- [PROBLEM REQUIREMENTS]: Determine the number of lines in the data below that hold "exact"; give nothing but that number.

- [RECORDS SHOWN]:
Variables (b c alpha M : R) (phi Y : R -> R).
Hypothesis Hq : 0 < potential c alpha 1.
Hypothesis Hode : solves_ode b c alpha phi Y.
Hypothesis Hbd : forall t, -1 <= t <= 1 -> Rabs (phi t) <= M.

Lemma potential_ge (t : R) : t <= 1 -> potential c alpha 1 <= potential c alpha t.
Proof. intros. unfold potential. pose proof (pow2_ge_0 c). nra. Qed.

Lemma potential_pos (t : R) : t <= 1 -> 0 < potential c alpha t.
Proof. intros Ht. pose proof (potential_ge t Ht). lra. Qed.

Lemma phi_sq_le (t : R) : -1 <= t <= 1 -> phi t ^ 2 <= M ^ 2.
Proof.
  intros Ht. pose proof (Hbd t Ht). pose proof (Rabs_pos (phi t)).
  rewrite <- (pow2_abs (phi t)). nra.
Qed.

Lemma energy_H_derive (t : R) : -1 < t < 1 ->
  is_derive (energy_H b c alpha phi Y) t (energy_H_rate b c alpha phi Y t).
Proof.
  intros Ht. destruct (Hode t Ht) as [Hphi HY].
  pose proof (weight_derive b t (proj1 Ht)) as Hw.
  pose proof (weight_pos b t (proj1 Ht)).
  pose proof (potential_pos t ltac:(lra)).
  unfold energy_H, energy_H_rate, stiffness, potential in *. auto_derive.
  - repeat split; try (eexists; eassumption). apply Rgt_not_eq, Rmult_lt_0_compat; lra.
  - rewrite (Derive_eq phi t _ Hphi), (Derive_eq Y t _ HY), (Derive_eq (weight b) t _ Hw).
    unfold drift, potential. field. repeat split; lra.
Qed.

Lemma energy_K_derive (t : R) : -1 < t < 1 ->
  is_derive (energy_K b c alpha phi Y) t (energy_K_rate b c alpha phi Y t).
Proof.
  intros Ht. destruct (Hode t Ht) as [Hphi HY].
  pose proof (weight_derive b t (proj1 Ht)) as Hw.
  pose proof (weight_pos b t (proj1 Ht)).
  pose proof (potential_pos t ltac:(lra)).
  unfold energy_K, energy_K_rate, energy_H, stiffness, potential in *. auto_derive.
  - repeat split; try (eexists; eassumption). apply Rgt_not_eq, Rmult_lt_0_compat; lra.
  - rewrite (Derive_eq phi t _ Hphi), (Derive_eq Y t _ HY), (Derive_eq (weight b) t _ Hw).
    field. repeat split; lra.
Qed.

End RadialEquation.

(** Near -1, a flux with Y^2 >= eps w forces a slope
    |Y/p| >= (sqrt eps / 2)/(1+t), because p^2 = (1-t)^2 (1+t)^2 w^2
    and (1-t)^2 w <= 4 on (-1, 0]. *)
Lemma slope_ge_left (b eps t y : R) : 1 <= b -> 0 < eps -> -1 < t <= 0 ->
  eps * weight b t <= y ^ 2 -> sqrt eps / 2 / (1 + t) <= Rabs (y / stiffness b t).
Proof.
  intros Hb He Ht Hy.
  pose proof (stiffness_pos b t ltac:(lra)) as Hp.
  pose proof (weight_pos b t ltac:(lra)) as Hw.
  pose proof (weight_le b t 0 Hb ltac:(lra)) as Hw0. rewrite weight_zero in Hw0.
  assert (Hk : 0 <= sqrt eps / 2 / (1 + t))
    by (apply Rdiv_le_0_compat; [apply Rdiv_le_0_compat; [apply sqrt_pos|]|]; lra).
  rewrite <- (Rabs_pos_eq (sqrt eps / 2 / (1 + t))) by exact Hk.
  apply Rsqr_le_abs_0. unfold Rsqr.
  replace (sqrt eps / 2 / (1 + t) * (sqrt eps / 2 / (1 + t)))
    with (eps / (4 * (1 + t) ^ 2))
    by (replace eps with (sqrt eps * sqrt eps) at 1 by (apply sqrt_sqrt; lra); field; lra).
  replace (y / stiffness b t * (y / stiffness b t)) with (y ^ 2 / stiffness b t ^ 2)
    by (field; lra).
  apply Rle_trans with (eps * weight b t / stiffness b t ^ 2).
  - replace (eps * weight b t / stiffness b t ^ 2)
      with (eps / ((1 - t) ^ 2 * weight b t * (1 + t) ^ 2))
      by (unfold stiffness; field; lra).
    apply div_le_div; [lra|lra| |].
    + apply Rmult_lt_0_compat; [apply Rmult_lt_0_compat|]; try apply pow_lt; lra.
    + apply Rmult_le_compat_r; [apply pow_le; lra|].
      assert ((1 - t) ^ 2 <= 4) by nra.
      assert (0 <= (1 - t) ^ 2) by apply pow2_ge_0. nra.
  - apply div_le_div; [apply Rmult_le_pos; lra|exact Hy|apply pow_lt; lra|lra].
Qed.

Section Boundary.

Variables (b c alpha M : R) (phi Y : R -> R).
Hypothesis Hb : 1 <= b.
Hypothesis Hode : solves_ode b c alpha phi Y.
Hypothesis Hbd : forall t, -1 <= t <= 1 -> Rabs (phi t) <= M.

Lemma slope_continuous (t : R) : -1 < t < 1 ->
  continuity_pt (fun x => Y x / stiffness b x) t.
Proof.
  intros Ht. apply continuity_pt_div.
  - exact (continuity_pt_of_is_derive _ _ _ (proj2 (Hode t Ht))).
  - apply stiffness_continuous. lra.
  - apply Rgt_not_eq, stiffness_pos, Ht.
Qed.

Lemma abs_slope (t : R) : -1 < t < 1 ->
  Rabs (Y t / stiffness b t) = Rabs (Y t) / stiffness b t.
Proof.
  intros Ht. pose proof (stiffness_pos b t Ht).
  unfold Rdiv. rewrite Rabs_mult, Rabs_inv, (Rabs_pos_eq (stiffness b t)); lra.
Qed.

- [COMPLETED EXERCISE]: 3